Bringing Cursor into SpaceX would deepen Musk’s exposure to enterprise AI while potentially giving Anysphere access to greater computing resources.
For traders, the immediate effect is simpler. The deal keeps the growth story expanding while the stock is still in its early price-discovery phase.
In a market already driven by scarcity, leverage, and social-media momentum, a major AI acquisition gives buyers another reason to stay involved and short sellers another risk to manage.
Valuation math tests the rally
The harder question now is whether SpaceX can hold its valuation once investors shift from momentum trading to fundamentals.
Henrik Zeberg, a macro strategist at Swissblock, warned that the rally looks more like late-cycle speculation than the start of a durable bull-market advance.

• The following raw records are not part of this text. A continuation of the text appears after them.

Lemma meets_cone_swap (K s a1 b1 a2 b2 a3 b3 : R) (i j : nat) :
  meets_cone K s a1 b1 a2 b2 a3 b3 (i, j) -> meets_cone K s b1 a1 b2 a2 b3 a3 (j, i).
Proof.
  intros [[px py] [[x1 y1] [[x2 y2] [Hd [H3 [H1 [H2 Hc]]]]]]].
  exists (py, px), (y1, x1), (y2, x2).
  unfold double_grid_sq, sq, collinear in *; simpl in *.
  repeat split; lra.
Qed.

Section FlatCone.

Variables (K s a1 b1 a2 b2 a3 b3 : R).
Hypotheses (HK : 1 <= K) (Hs : 0 < s) (Hs1 : s <= 1) (HsK : / K <= s) (H4 : 4 / K <= s * s).
Hypotheses (Ha3 : a3 <= a1) (Ha1 : a1 + / K <= a3 + s).
Hypotheses (Hfar : s * s - / K < Rabs (a2 - a1)) (Hflat : Rabs (b2 - b1) <= Rabs (a2 - a1)).

Let line := corner_line a1 b1 a2 b2.

Lemma meets_cone_window (i j : nat) : meets_cone K s a1 b1 a2 b2 a3 b3 (i, j) ->
  Rabs (INR i - (a3 * K + s * K / 2 - 1 / 2)) <= s * K / 2 + 1 /\
  Rabs (INR j - (line ((INR i + 1 / 2) / K) * K - 1 / 2)) <= 4 + 4 / s.
Proof.
  intros [[px py] [[x1 y1] [[x2 y2] [Hd [[Hpx Hpy] [Hp1 [Hp2 Hc]]]]]]].
  pose proof Hp1 as [Hx1 _]. simpl in *.
  assert (HK0 : 0 < K) by lra.
  destruct (double_grid_sq_index K i j (px, py) HK0 Hd) as [Hi Hj]; simpl in *.
  apply Rabs_le_inv in Hi. apply Rabs_le_inv in Hj.
  split.
  { apply Rabs_le.
    assert (a3 * K <= px * K <= (a3 + s) * K) by (split; apply Rmult_le_compat_r; lra).
    lra. }
  assert (Hline : Rabs (py - line px) <= 2 * / K + 4 * / K / s).
  { apply (collinear_near_corner_line a1 b1 a2 b2 (/ K) s x1 y1 x2 y2); auto; try lra.
    apply Rabs_le. lra. }
  set (xi := (INR i + 1 / 2) / K).
  assert (Hshift : Rabs (line px - line xi) <= / K).
  { assert (Ha : a2 - a1 <> 0) by (intro E; rewrite E, Rabs_R0 in Hfar; nra).
    replace (line px - line xi) with ((px - xi) * ((b2 - b1) / (a2 - a1)))
      by (unfold line, corner_line; ring).
    rewrite Rabs_mult, <- (Rmult_1_r (/ K)).
    apply Rmult_le_compat; auto using Rabs_pos, slope_le_1.
    apply Rabs_le. unfold xi.
    replace (px - (INR i + 1 / 2) / K) with ((px * K - (INR i + 1 / 2)) * / K) by (field; lra).
    assert (0 < / K) by (apply Rinv_0_lt_compat; lra).
    split; nra. }
  pose proof (Rabs_triang (py - line px) (line px - line xi)) as Htri.
  replace (py - line px + (line px - line xi)) with (py - line xi) in Htri by ring.
  assert (Hscaled : Rabs (py * K - line xi * K) <= 3 + 4 / s).
  { replace (py * K - line xi * K) with ((py - line xi) * K) by ring.
    rewrite Rabs_mult, (Rabs_right K) by lra.
    replace (3 + 4 / s) with ((3 * / K + 4 * / K / s) * K) by (field; lra).
    apply Rmult_le_compat_r; lra. }
  apply Rabs_le_inv in Hscaled. apply Rabs_le. lra.
Qed.

Lemma flat_cone_count (l : list (nat * nat)) : NoDup l ->
  (forall ij, In ij l -> meets_cone K s a1 b1 a2 b2 a3 b3 ij) ->
  INR (length l) <= 90 * K.
Proof.
  intros ND Hl.
  assert (Hinv : / s <= K).
  { rewrite <- (Rinv_inv K). apply Rinv_le_contravar; auto.
    apply Rinv_0_lt_compat; lra. }
  assert (0 < / s) by (apply Rinv_0_lt_compat; lra).
  eapply Rle_trans.
  - apply (NoDup_length_le_window l (a3 * K + s * K / 2 - 1 / 2) (s * K / 2 + 1) (4 + 4 / s)
             (fun i => line ((INR i + 1 / 2) / K) * K - 1 / 2) ND); [nra | unfold Rdiv; nra |].
    intros i j Hij. exact (meets_cone_window i j (Hl _ Hij)).
  - replace ((2 * (s * K / 2 + 1) + 2) * (2 * (4 + 4 / s) + 2))
      with (10 * (s * K) + 8 * K + 40 + 32 * / s) by (field; lra).
    nra.
Qed.

End FlatCone.

Lemma cone_count (K s a1 b1 a2 b2 a3 b3 : R) (l : list (nat * nat)) :
  1 <= K -> 0 < s -> s <= 1 -> / K <= s -> 4 / K <= s * s ->
  a3 <= a1 -> a1 + / K <= a3 + s -> b3 <= b1 -> b1 + / K <= b3 + s ->
  s * s - / K < Rabs (a2 - a1) \/ s * s - / K < Rabs (b2 - b1) ->
  NoDup l -> (forall ij, In ij l -> meets_cone K s a1 b1 a2 b2 a3 b3 ij) ->
  INR (length l) <= 90 * K.
Proof.
  intros HK Hs Hs1 HsK H4 Ha3 Ha1 Hb3 Hb1 Hfar ND Hl.
  destruct (Rle_dec (Rabs (b2 - b1)) (Rabs (a2 - a1))) as [Hflat | Hsteep].
  - apply (flat_cone_count K s a1 b1 a2 b2 a3 b3); auto. destruct Hfar; lra.
  - set (swap := fun ij : nat * nat => (snd ij, fst ij)).
    rewrite <- (length_map swap l).
    apply (flat_cone_count K s b1 a1 b2 a2 b3 a3); auto; try (destruct Hfar; lra).
    + apply NoDup_map_NoDup_ForallPairs; auto.
      intros [i j] [i' j'] _ _ E. unfold swap in E; simpl in E. congruence.
    + intros ij Hij. apply in_map_iff in Hij as [[i j] [<- Hij]].
      apply meets_cone_swap, Hl, Hij.
Qed.

Theorem lemma6p2 :
  exists C1 : R,
  forall (K : R) (d : nat) (a1 b1 a2 b2 a3 b3 : R),
    1 <= K -> (2 <= d)%nat ->
    (* R1, R2 are K-squares (in [0,1]^2, side 1/K) *)
    in_unit a1 b1 (/ K) -> in_unit a2 b2 (/ K) ->
    (* R3 ⊂ [0,1]^2 has side K^(-1/2^d) *)
    in_unit a3 b3 (Rpower K (- / 2 ^ d)) ->
    subset (sq a1 b1 (/ K)) (sq a3 b3 (Rpower K (- / 2 ^ d))) ->
    subset (sq a2 b2 (/ K)) (sq a3 b3 (Rpower K (- / 2 ^ d))) ->
    (* not both contained in any square of side K^(-1/2^(d-1)) *)
    ~ (exists a b : R,
         in_unit a b (Rpower K (- / 2 ^ (d - 1))) /\
         subset (sq a1 b1 (/ K)) (sq a b (Rpower K (- / 2 ^ (d - 1)))) /\
         subset (sq a2 b2 (/ K)) (sq a b (Rpower K (- / 2 ^ (d - 1))))) ->
    (* any family of distinct R ∈ C_K with 2R meeting Reach_lin has size ≤ C1 K *)
    forall l : list (nat * nat),
      NoDup l ->
      (forall ij, In ij l ->
         in_CK K ij /\
         exists p, double_grid_sq K ij p /\
           reach_lin (sq a1 b1 (/ K)) (sq a2 b2 (/ K))
                     (sq a3 b3 (Rpower K (- / 2 ^ d))) p) ->
      INR (length l) <= C1 * K.
Proof.
  exists 100.
  intros K d a1 b1 a2 b2 a3 b3 HK Hd H1 H2 _ S1 _ Hsep l ND Hl.
  destruct (Rlt_le_dec K 16) as [Hsmall | Hlarge].
  { eapply Rle_trans; [apply (grid_count K l); auto; intros ij Hij; apply Hl, Hij |]. nra. }
  destruct d as [| d']; [lia |].
  replace (S d' - 1)%nat with d' in Hsep by lia.
  rewrite (Rpower_inv_pow2_S K d') in Hsep by lra.
  set (s := Rpower K (- / 2 ^ S d')) in *.
  assert (Hs : 0 < s) by apply exp_pos.
  assert (Hs1 : s <= 1).
  { apply Rpower_le_1; auto.
    assert (0 < / 2 ^ S d') by (apply Rinv_0_lt_compat, pow_lt; lra). lra. }
  assert (HsK : / K <= s).
  { apply inv_le_Rpower; auto.
    assert (1 <= 2 ^ S d') by (apply pow_R1_Rle; lra).
    assert (/ 2 ^ S d' <= 1) by (rewrite <- Rinv_1; apply Rinv_le_contravar; lra).
    lra. }
  assert (H4 : 4 / K <= s * s)
    by (unfold s; rewrite <- Rpower_inv_pow2_S by lra; apply four_div_le_Rpower; [lra | lia]).
  assert (Hu : 0 <= / K) by (left; apply Rinv_0_lt_compat; lra).
  destruct (sq_subset_corners a1 b1 (/ K) a3 b3 s Hu S1) as [Ha3 [Ha1 [Hb3 Hb1]]].
  eapply Rle_trans.
  - apply (NoDup_length_le_split (fun ij => in_CK K ij /\ meets_strip K b1 ij)
             (meets_cone K s a1 b1 a2 b2 a3 b3) l (10 * K) (90 * K) ND).
    + intros ij Hij.
      destruct (Hl ij Hij) as [Hck [p [Hdp [Hp3 [[p1 [p2 [Hp1 [Hp2 Hc]]]] | [p1 [Hp1 Hy]]]]]]].
      * right. exists p, p1, p2. auto.
      * left. split; auto. exists p. split; auto. destruct Hp1. lra.
    + intros l' ND' Hl'. apply (strip_count K b1); auto.
    + intros l' ND' Hl'. apply (cone_count K s a1 b1 a2 b2 a3 b3); auto.
      apply not_in_common_square_far; auto. nra.
  - lra.
Qed.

He said:
“This is NOT what you see at Bull Market Take-Offs. This is the Final Phases of a Bull Market. And people speculating in SpaceX will lose a lot of money … unfortunately!”
That skepticism is sharpened by the scale of SpaceX’s valuation. Charlie Bilello, chief market strategist at Creative Planning, noted that the company’s market value has climbed above $3 trillion, putting it ahead of Amazon and near Microsoft.
The comparison is striking because those companies generate far more revenue and substantial annual profit, while SpaceX is still producing losses.

In view of this, Bilello stated:
“SpaceX is a great company and will go on to do great things. But a few months from now we will look back at this moment as peak mania. Investors are pricing SpaceX stock as if the future has already happened.”
That leaves investors paying years in advance for execution. If SpaceX keeps growing quickly, wins large contracts and turns its AI push into a meaningful business line, the premium may hold.
But if growth slows, losses persist or locked-up shares begin entering the market, the same structure that powered the rally could start working in reverse.